Lemma no_OA_10_112_4 : False.
Proof.
have := parseval (fun x => (mult x)%:R); under eq_bigr do rewrite walsh_mult.
have : \sum_(T : {set 'I_10}) (walsh_lb #|T|)%:R <= \sum_T walsh T ^+ 2.
  by apply: ler_sum => T _; exact: walsh_sq_lb.
rewrite -natr_sum sum_set_card sum_walsh_lb => lb_le walsh_eq; rewrite walsh_eq in lb_le.
by have := ler_wpM2l (ler0n _ (2 ^ 10)) sum_mult_sq_le; move/(le_trans lb_le); lia.
Qed.

End Length10.

Theorem theorem4p3 :
  forall n : nat, (n = 10 \/ n = 11) ->
  ~ (exists C : seq (bword n), is_binary_OA n 112 4 C).
Proof.
move=> n [->|->] [C OA_C]; first exact: no_OA_10_112_4 OA_C.
exact: no_OA_10_112_4 (is_binary_OA_puncture OA_C).
Qed.
(* If p divides H_j, then H_j = p H_i and f changes sign from n to p n;
   otherwise H_j is a power of q. *)
Lemma f_mul_fail n : 0 < n -> f (p * n) != (- f n)%R ->
  exists b, q ^ b <= p * n /\ forall h, smooth p q h -> q ^ b < h -> p * n < h.
Proof.
move=> n_gt0 f_ne; have p_gt0 := prime_gt0 p_prime.
have [i i_block] := H_block n_gt0.
have [j j_block] : exists j, H j <= p * n < H j.+1 by apply: H_block; rewrite muln_gt0 p_gt0.
case: (posnP (alpha j)) => [alpha0|alpha_gt0].
  have Hj : H j = q ^ beta j by rewrite H_exp alpha0 mul1n.
  exists (beta j); rewrite -Hj; split; first by case/andP: j_block.
  by move=> h; apply: block_lt_smooth j_block.
have Hj_eq : H j = p * H i.
  set y := p ^ (alpha j).-1 * q ^ beta j.
  have Hj_y : H j = p * y by rewrite H_exp mulnA -expnS prednK.
  have y_le : y <= H i.
    apply: smooth_le_block i_block _ _; first by exists (alpha j).-1, (beta j).
    by rewrite -(leq_pmul2l p_gt0) -Hj_y; case/andP: j_block.
  apply/eqP; rewrite eqn_leq Hj_y leq_mul2l y_le orbT /= -Hj_y.
  apply: smooth_le_block j_block _ _; last by rewrite leq_pmul2l //; case/andP: i_block.
  have [a [b ->]] := proj2 (H_smooth _) (ex_intro _ i erefl).
  by exists a.+1, b; rewrite expnS mulnA.
have [alpha_j beta_j] : alpha j = (alpha i).+1 /\ beta j = beta i.
  move: Hj_eq; rewrite !H_exp mulnA -expnS => e; split.
    by have := congr1 (logn p) e; rewrite !logn_smooth.
  by have := congr1 (logn q) e; rewrite ![_ ^ _ * q ^ _]mulnC !logn_smooth // eq_sym.
move: f_ne; rewrite (f_block i_block) (f_block j_block) alpha_j beta_j.
by rewrite addSn exprS mulN1r eqxx.
Qed.

Lemma sparse_f_succ_fail : sparse [pred n | f n.+1 != f n].
Proof. exact: sparse_smooth_succ (prime_gt1 p_prime) (prime_gt1 q_prime) f_succ_fail. Qed.

Lemma sparse_f_mul_fail : sparse [pred n | f (p * n) != (- f n)%R].
Proof. exact: sparse_before_next_smooth p_prime q_prime p_neq_q _ f_mul_fail. Qed.

End Enumeration.

Theorem lemma4p2 (R : realType) (H alpha beta : nat -> nat) (f : nat -> int) :
  (forall i : nat, (H i < H i.+1)%N) ->
  (forall n : nat, three_smooth n <-> exists i : nat, H i = n) ->
  (forall i : nat, H i = (2 ^ alpha i * 3 ^ beta i)%N) ->
  f 0%N = 1 ->
  (forall i n : nat, (H i <= n < H i.+1)%N -> f n = (-1) ^+ (alpha i + beta i)) ->
  almost_all R [pred n : nat | [&& f n.+1 == f n,
                                  f (2 * n)%N == - f n &
                                  f (3 * n)%N == - f n]].
Proof.
move=> H_incr H_smooth H_exp _ f_block; apply: upper_density_sparse.
have H_smooth32 n : smooth 3 2 n <-> exists i, H i = n by rewrite smoothC; apply: H_smooth.
have H_exp32 i : H i = (3 ^ beta i * 2 ^ alpha i)%N by rewrite mulnC.
have f_block32 i n : (H i <= n < H i.+1)%N -> f n = (-1) ^+ (beta i + alpha i).
  by rewrite addnC; apply: f_block.
have [prime2 prime3] : prime 2 /\ prime 3 by [].
apply: sparse_sub (sparseU (sparse_f_succ_fail prime2 prime3 H_incr H_smooth f_block)
  (sparseU (sparse_f_mul_fail prime2 prime3 isT H_incr H_smooth H_exp f_block)
           (sparse_f_mul_fail prime3 prime2 isT H_incr H_smooth32 H_exp32 f_block32))) => n.
by rewrite !inE !negb_and.
Qed.
Definition same_edge (a b u v : 'I_10) : bool :=
  ((a == u) && (b == v)) || ((a == v) && (b == u)).

Definition H_rel (u v x y : 'I_10) : rel ('I_10 + bool)%type :=
  fun p q => match p, q with
    | inl a, inl b => F4_adj a b && ~~ same_edge a b u v && ~~ same_edge a b x y
    | inl a, inr false | inr false, inl a => (a == u) || (a == v)
    | inl a, inr true  | inr true,  inl a => (a == x) || (a == y)
    | inr s, inr t => s != t
    end.

From mathcomp Require Import all_boot.
Set Implicit Arguments. Unset Strict Implicit. Unset Printing Implicit Defensive.

(* There are 84 unordered pairs of disjoint edges in F_4, so the theorem is a finite
   check: for each pair we list seven branch sets of a K_{3,4} model in H and let the
   kernel verify them by computation.  A branch set is listed so that each vertex is
   adjacent to an earlier one, which certifies that it induces a connected subgraph.
   The order of the two edges does not matter: exchanging e_1 and e_2 only exchanges
   the two subdivision vertices. *)

Section ConnectedIn.
Variables (T : finType) (e : rel T).

Lemma connected_in_set1 z : connected_in e [set z].
Proof. by move=> a b; rewrite !inE => /eqP-> /eqP->; apply: connect0. Qed.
++++++++
**REQUIREMENT:** Wherever the string "bool" appears in a line of the records above, copy that line.

**TASK OUTPUT:**
Definition same_edge (a b u v : 'I_10) : bool :=
Definition H_rel (u v x y : 'I_10) : rel ('I_10 + bool)%type :=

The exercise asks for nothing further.